The strained girl in the driver’s license photo had needed to get away. She’d shown up to a wedding where no one knew she existed, and a phone call had sent her right back out the door. He couldn’t imagine what from, but she’d run. He didn’t know why, but she’d wanted to be alone. Badly. Immediately.
Straight. She wouldn’t have headed to any of the scenic spots like a visitor would, nor had she gone to check the water level in the creek like a ranch hand. She’d only needed to get away from some kind of situation that had no other solution, so she’d left her phone and her purse and her life, pointed the ATV away from the house and gone.

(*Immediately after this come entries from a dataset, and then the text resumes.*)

(* Let $F,G$ be two plane forests with $n$ vertices. Then $F\leq G$ if and only if $G$ is obtained from $F$ by a finite number of transformations, where a transformation of a plane forest at a vertex $s$ which is not a leaf is the following operation: let $c$ be the rightmost child of $s$; remove the edge from $s$ to $c$ (so that $c$ keeps its own subtree); if $s$ has a parent $p$, make $c$ a child of $p$ placed immediately to the right of $s$ among the children of $p$; if $s$ is a root, make $c$ a root placed immediately to the right of the tree of $s$. All other parts of the forest are unchanged.
   Context: A plane poset is a finite set with two partial orders $\leq_h,\leq_r$ such that two distinct elements are $\leq_h$-comparable iff they are not $\leq_r$-comparable, considered up to isomorphism. A plane forest is a plane poset which does not contain, as a plane subposet (subset with restricted orders), the plane poset $\{a,b,c\}$ with $a<_r b$, $a<_h c$, $b<_h c$. Equivalently, a plane forest is a finite rooted forest (roots at the bottom) in which the roots are linearly ordered from left to right and the children of each vertex are linearly ordered from left to right; $x\leq_h y$ iff $x$ is an ancestor of $y$ (or $x=y$), and for $\leq_h$-incomparable $x,y$, $x<_r y$ iff $x$ lies to the left of $y$. On a plane poset, $x\leq y$ iff ($x\leq_h y$ or $x\leq_r y$) is a total order (known fact). For plane posets $P,Q$ of the same cardinality, $\theta_{P,Q}$ is the increasing bijection $P\to Q$ for these total orders, and $P\leq Q$ means: for all $x,y\in P$, $\theta_{P,Q}(x)\leq_h\theta_{P,Q}(y)$ in $Q$ implies $x\leq_h y$ in $P$. *)

From mathcomp Require Import all_boot.
From Stdlib Require Export Relations.Relation_Operators.
Set Implicit Arguments. Unset Strict Implicit. Unset Printing Implicit Defensive.

(* A plane tree: a root with a left-to-right ordered list of subtrees.
   A plane forest: a left-to-right ordered list of plane trees. *)
Inductive ptree := PNode of seq ptree.
Definition pforest := seq ptree.

Definition children (t : ptree) : pforest := let: PNode cs := t in cs.

(* Vertices are addressed by their path of child indices: the address
   [:: i0; i1; ...; ik] is the vertex reached from the i0-th root by taking
   the i1-th child, ..., the ik-th child (indices from 0, left to right).
   tverts t lists the addresses of the vertices of t relative to its root
   (the root is [::]). *)
Fixpoint tverts (t : ptree) : seq (seq nat) :=
  let: PNode cs := t in
  [::] :: (fix aux (k : nat) (f : seq ptree) : seq (seq nat) :=
             match f with
             | [::] => [::]
             | c :: f' => map (cons k) (tverts c) ++ aux k.+1 f'
             end) 0 cs.

Fixpoint fverts_from (k : nat) (f : pforest) : seq (seq nat) :=
  match f with
  | [::] => [::]
  | t :: f' => map (cons k) (tverts t) ++ fverts_from k.+1 f'
  end.

Definition fverts (f : pforest) : seq (seq nat) := fverts_from 0 f.

Definition nverts (f : pforest) : nat := size (fverts f).

(* x <=_h y : x is an ancestor of y or x = y. *)
Definition hle (x y : seq nat) : bool := prefix x y.

(* x <_r y : x and y are <=_h-incomparable and x lies to the left of y. *)
Fixpoint rlt (x y : seq nat) : bool :=
  match x, y with
  | i :: x', j :: y' => (i < j) || ((i == j) && rlt x' y')
  | _, _ => false
  end.

Definition rle (x y : seq nat) : bool := (x == y) || rlt x y.

Definition tle (x y : seq nat) : bool := hle x y || rle x y.
Definition tlt (x y : seq nat) : bool := tle x y && (x != y).

(* Rank of a vertex for the total order: number of vertices strictly below.
   The increasing bijection theta_{F,G} maps the vertex of rank r of F to the
   vertex of rank r of G. *)
Definition rank (f : pforest) (x : seq nat) : nat :=
  count (fun z => tlt z x) (fverts f).

Definition forest_le (F G : pforest) : Prop :=
  forall x y x' y' : seq nat,
    x \in fverts F -> y \in fverts F ->
    x' \in fverts G -> y' \in fverts G ->
    rank G x' = rank F x -> rank G y' = rank F y ->
    hle x' y' -> hle x y.

(* Split the tree t at its rightmost root-child c: returns [:: t'; c] where t'
   is t with the subtree c removed (if t is a leaf, returns [:: t]). *)
Definition split_last (t : ptree) : seq ptree :=
  match rev (children t) with
  | [::] => [:: t]
  | c :: rcs => [:: PNode (rev rcs); c]
  end.

Fixpoint transf (f : pforest) (s : seq nat) : pforest :=
  match s with
  | [::] => f
  | [:: i] => take i f ++ split_last (nth (PNode [::]) f i) ++ drop i.+1 f
  | i :: s' =>
      take i f ++ [:: PNode (transf (children (nth (PNode [::]) f i)) s')]
               ++ drop i.+1 f
  end.

(* One transformation step at a vertex s of F which is not a leaf. *)
Definition transf_step (F G : pforest) : Prop :=
  exists s : seq nat,
    s \in fverts F /\ rcons s 0 \in fverts F /\ G = transf F s.
Lemma far_local : local_invariant X farL farR.
Proof.
split.
- move=> st c cs s1 s2 Hs E1 E2 Hc.
  have [A [B [A' [B' [cA [cB [cA' [cB' [F ->]]]]]]]]] := far_colL_split Hs Hc.
  have [RL RR] := far_run F; move: E1 E2; rewrite RL RR => -[<-] [<-].
  by split => //; exists [:: cA ++ cB'; cA' ++ cB']; split => //; apply: far_colR F.
- move=> st c cs s1 s2 Hs E1 E2 Hc.
  have [A [B [A' [B' [cA [cB [cA' [cB' [F ->]]]]]]]]] := far_colR_split Hs Hc.
  have [RL RR] := far_run F; move: E1 E2; rewrite RL RR => -[<-] [<-].
  by split => //; exists [:: cA' ++ cB; cA' ++ cB']; split => //; apply: far_colL F.
- move=> st c cs s x Hs _ Hc Hx1 Hx2 z.
  have [A [B [A' [B' [cA [cB [cA' [cB' [[_ Ec _ _ _] Ecs]]]]]]]]] := far_colL_split Hs Hc.
  subst c cs; move: Hx2 => /= Hx2.
  rewrite cats0 !in_cat => -[[] | []] Hz;
    [apply: Hx2 | apply: Hx1 | apply: Hx2 | apply: Hx2]; apply/in_cat; auto.
- move=> st c cs s x Hs _ Hc Hx1 Hx2 z.
  have [A [B [A' [B' [cA [cB [cA' [cB' [[_ Ec _ _ _] Ecs]]]]]]]]] := far_colR_split Hs Hc.
  subst c cs; move: Hx2 => /= Hx2.
  rewrite cats0 !in_cat => -[[] | []] Hz;
    [apply: Hx1 | apply: Hx2 | apply: Hx2 | apply: Hx2]; apply/in_cat; auto.
Qed.

End FarCommutation.

Lemma forall_or_eq (X : Type) (a x : X) (P : X -> Prop) :
  (forall z, a = z \/ P z -> z = x) -> a = x /\ (forall z, P z -> z = x).
Proof. by move=> H; split=> [|z Pz]; apply: H; [left | right]. Qed.

(* Base moves are checked exhaustively on the (at most three) strands they touch;
   the quandle axioms enter through [qact_idem] (R1), [qactK] (R2) and
   [qact_dist] (R3). *)
Ltac step_solve := first [ exact: step_cup0 | exact: step_cup1
  | rewrite step_cap0 /=; reflexivity | rewrite step_cap1 /=; reflexivity
  | exact: step_cross0 | exact: step_cross1 ].

Ltac col_forward H :=
  repeat (eapply col_ok_step in H; [| step_solve];
    let c' := fresh "c" in let Hsc := fresh "Hsc" in
    case: H => c' [? [-> [_ [Hsc H]]]];
    first [ move/slice_col_cross0: Hsc => Hsc | move/slice_col_cross1: Hsc => Hsc
          | move/slice_col_cap0: Hsc => [? Hsc] | move/slice_col_cap1: Hsc => [? Hsc]
          | move/slice_col_cup0: Hsc => [? Hsc] | move/slice_col_cup1: Hsc => [? Hsc] ];
    subst c');
  match type of H with col_ok _ _ [::] ?cs => case: cs H => // _ end.
(* For each positive integer $k$, let $w_k$ be the optimal value of the linear program \[ \max\sum_{j=1}^k\alpha_j\ \text{ s.t. } f+\sum_{j=1}^k d_j\le1;\ \alpha_j\le\alpha_{j+1}\ (1\le j<k);\ \alpha_j\le3\alpha_l+3d_j+3d_l\ (1\le j,l\le k);\ x_{jl}\ge\alpha_j-d_l\ (1\le j\le l\le k);\ \sum_{l=j}^k x_{jl}\le f\ (1\le j\le k);\ \alpha_j,d_j,f,x_{jl}\ge0. \] Then $\sup_{k \ge 1} w_k \ge 3.220$. *)

From HB Require Import structures.
From mathcomp Require Import all_boot all_order all_algebra.
From mathcomp Require Import boolp classical_sets reals constructive_ereal ereal.
Set Implicit Arguments. Unset Strict Implicit. Unset Printing Implicit Defensive.
Import Order.TTheory GRing.Theory Num.Theory.
Local Open Scope ring_scope.
Local Open Scope classical_set_scope.

(* Indices 1..k of the paper are represented by 'I_k = {0,...,k-1}. *)
Definition lp_feasible (R : realType) (k : nat)
  (alpha d : 'I_k -> R) (f : R) (x : 'I_k -> 'I_k -> R) : Prop :=
  (f + \sum_(j < k) d j <= 1) /\
  (forall j l : 'I_k, nat_of_ord l = (nat_of_ord j).+1 -> alpha j <= alpha l) /\
  (forall j l : 'I_k, alpha j <= 3%:R * alpha l + 3%:R * d j + 3%:R * d l) /\
  (forall j l : 'I_k, (j <= l)%N -> alpha j - d l <= x j l) /\
  (forall j : 'I_k, \sum_(l < k | (j <= l)%N) x j l <= f) /\
  (forall j, 0 <= alpha j) /\ (forall j, 0 <= d j) /\ 0 <= f /\
  (forall j l, 0 <= x j l).

Definition w (R : realType) (k : nat) : \bar R :=
  ereal_sup [set ((\sum_(j < k) alpha j)%:E) | alpha in
    [set alpha : 'I_k -> R | exists d f x, lp_feasible alpha d f x]].

(* Each w_k is a supremum over feasible points, so one feasible point for
   k = 700 whose objective exceeds 3.220 suffices.  Its coordinates are
   rationals over a common denominator, and feasibility is checked by exact
   binary integer arithmetic.  Two observations keep the check small: the
   variables x_jl can be taken to be the positive parts (alpha_j - d_l)^+, and
   the k^2 constraints alpha_j <= 3 alpha_l + 3 d_j + 3 d_l follow from the 2k
   constraints M <= alpha_l + d_l and alpha_j <= 3 M + 3 d_j for a single
   threshold M. *)

From Stdlib Require Import NArith Lia.
From HB Require Import structures.
From mathcomp Require Import all_boot all_order all_algebra.
From mathcomp Require Import boolp classical_sets reals constructive_ereal ereal.
Import Order.TTheory GRing.Theory Num.Theory.
Local Open Scope ring_scope.
Local Open Scope classical_set_scope.

Lemma lp_objective_le_w (R : realType) k (alpha d : 'I_k -> R) f x :
  lp_feasible alpha d f x -> ((\sum_(j < k) alpha j)%:E <= w R k)%E.
Proof. by move=> feas; apply: ereal_sup_ubound; exists alpha => //; exists d, f, x. Qed.

Section PositivePartSolution.

Variables (R : realType) (k : nat) (alpha d : 'I_k -> R) (f M : R).

Hypotheses (alpha_ge0 : forall j, 0 <= alpha j) (d_ge0 : forall j, 0 <= d j)
  (f_ge0 : 0 <= f) (budget : f + \sum_(j < k) d j <= 1)
  (alpha_step : forall j l : 'I_k, l = j.+1 :> nat -> alpha j <= alpha l)
  (threshold_le : forall l, M <= alpha l + d l)
  (alpha_le_threshold : forall j, alpha j <= 3 * M + 3 * d j)
  (pos_part_sum_le : forall j : 'I_k,
     \sum_(l < k | (j <= l)%N) Num.max (alpha j - d l) 0 <= f).

Lemma lp_feasible_pos_part :
  lp_feasible alpha d f (fun j l => Num.max (alpha j - d l) 0).
Proof.
split=> //; split=> //; split.
  move=> j l; apply: (le_trans (alpha_le_threshold j)).
  by rewrite addrAC lerD2r -mulrDr ler_wpM2l.
split; first by move=> j l _ /=; rewrite le_max lexx.
do 3!(split=> //).
by split=> // j l /=; rewrite le_max lexx orbT.
Qed.

End PositivePartSolution.

Definition Nr {R : pzSemiRingType} (n : N) : R := (N.to_nat n)%:R.

Lemma Nr_add (R : pzSemiRingType) a b : Nr (a + b)%num = Nr a + Nr b :> R.
Proof. by rewrite /Nr Nnat.N2Nat.inj_add natrD. Qed.

Lemma Nr_mul (R : pzSemiRingType) a b : Nr (a * b)%num = Nr a * Nr b :> R.
Proof. by rewrite /Nr Nnat.N2Nat.inj_mul natrM. Qed.

Lemma Nr_sub (R : realDomainType) a b :
  Nr (a - b)%num = Num.max (Nr a - Nr b) 0 :> R.
Proof.
rewrite /Nr Nnat.N2Nat.inj_sub minusE.
have [ba | ab] := leqP (N.to_nat b) (N.to_nat a).
  by rewrite natrB // max_l // subr_ge0 ler_nat.
by rewrite (eqP (ltnW ab)) max_r // subr_le0 ler_nat ltnW.
Qed.

Lemma Nr_le (R : numDomainType) a b : (a <=? b)%num -> Nr a <= Nr b :> R.
Proof. by move/N.leb_le=> ab; rewrite ler_nat; apply/ssrnat.leP; lia. Qed.

Lemma Nr_gt0 (R : numDomainType) a : (0 <? a)%num -> 0 < Nr a :> R.
Proof. by move/N.ltb_lt=> a_gt0; rewrite ltr0n; apply/ssrnat.ltP; lia. Qed.

Definition Nsum (s : seq N) : N := foldr N.add 0%num s.

Lemma Nr_sum (R : pzSemiRingType) s : Nr (Nsum s) = \sum_(n <- s) Nr n :> R.
Proof. by elim: s => [|n s IHs]; rewrite ?big_nil ?big_cons //= Nr_add IHs. Qed.

Lemma big_ord_nth_drop {R : nmodType} {T : Type} (x0 : T) (s : seq T) n j
    (G : T -> R) : size s = n ->
  \sum_(l < n | (j <= l)%N) G (nth x0 s l) = \sum_(e <- drop j s) G e.
Proof.
move=> <-.
transitivity (\sum_(j <= l < size s) G (nth x0 s l)).
  by rewrite big_geq_mkord.
rewrite /index_iota -(big_map (nth x0 s) predT G) map_nth_iota //.
by rewrite take_oversize // size_drop.
Qed.

Definition lp_certificate (k : nat) (A D : seq N) (F M Den : N) : bool :=
  [&& size A == k, size D == k, (0 <? Den)%num, (F + Nsum D <=? Den)%num,
      sorted N.leb A &
      all (fun j => let a := nth 0%num A j in let e := nth 0%num D j in
             [&& (M <=? a + e)%num, (a <=? 3 * M + 3 * e)%num &
                 (Nsum [seq a - e' | e' <- drop j D] <=? F)%num])
          (iota 0 k)].

Lemma lp_certificate_sound (R : realType) {k : nat} {A D : seq N} {F M Den : N} :
  lp_certificate k A D F M Den -> ((Nr (Nsum A) / Nr Den : R)%:E <= w R k)%E.
Proof.
case/and4P=> /eqP size_A /eqP size_D /(Nr_gt0 R) Den_gt0.
case/and3P=> budget /sortedP mono /allP cert.
pose r n : R := Nr n / Nr Den.
have r_le a b : (a <=? b)%num -> r a <= r b.
  by move/(Nr_le R)=> ab; rewrite ler_pM2r ?invr_gt0.
have r_add a b : r (a + b)%num = r a + r b by rewrite /r Nr_add mulrDl.
have r_3M a : 3 * r a = r (3 * a)%num by rewrite /r Nr_mul mulrA.
have r_sub a b : r (a - b)%num = Num.max (r a - r b) 0.
  by rewrite /r Nr_sub maxr_pMl ?invr_ge0 ?ltW // mul0r mulrBl.
have r_sum s : r (Nsum s) = \sum_(n <- s) r n by rewrite /r Nr_sum mulr_suml.
have sum_nth s : size s = k -> \sum_(j < k) r (nth 0%num s j) = r (Nsum s).
  by move=> size_s; rewrite r_sum (big_nth 0%num) size_s big_mkord.
pose alpha (j : 'I_k) := r (nth 0%num A j).
pose d (j : 'I_k) := r (nth 0%num D j).
have in_iota (j : 'I_k) : nat_of_ord j \in iota 0 k.
  by rewrite mem_iota add0n ltn_ord.
have cert_at (j : 'I_k) := cert j (in_iota j).
rewrite -/(r (Nsum A)) -(sum_nth A) //.
apply: (@lp_objective_le_w _ _ alpha d (r F)).
apply: (@lp_feasible_pos_part _ _ _ _ _ (r M)).
- by move=> j; rewrite divr_ge0 ?ler0n ?ltW.
- by move=> j; rewrite divr_ge0 ?ler0n ?ltW.
- by rewrite divr_ge0 ?ler0n ?ltW.
- by rewrite sum_nth // -r_add -(divff (lt0r_neq0 Den_gt0)) r_le.
- by move=> j l lj; apply: r_le; rewrite lj mono // size_A -lj ltn_ord.
- by move=> l; have /and3P[+ _ _] := cert_at l; rewrite -r_add => /r_le.
- by move=> j; have /and3P[_ + _] := cert_at j; rewrite !r_3M -r_add => /r_le.
move=> j; have /and3P[_ _ /r_le] := cert_at j; apply: le_trans.
pose pos_part e := r (nth 0%num A j - e)%num.
rewrite r_sum big_map -(big_ord_nth_drop 0%num _ _ j pos_part size_D).
by under [X in _ <= X]eq_bigr do rewrite /pos_part r_sub.
Qed.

She’d driven as fast as she could, eating up the gas. She’d wanted space. Freedom. So as Trey drove, he chose the most obvious routes and the most level ground, keeping the last signs of civilization at his back. At every decision point, he chose the easiest path, the one that would allow him to get as far away as quickly as he could. And when his gas tank was on empty, he saw the bright blue ATV parked in the middle of one of the most remote pastures on his land.
He’d found Rebecca Cargill, because he’d known that she’d been running from a fate she couldn’t control. He understood that emotion.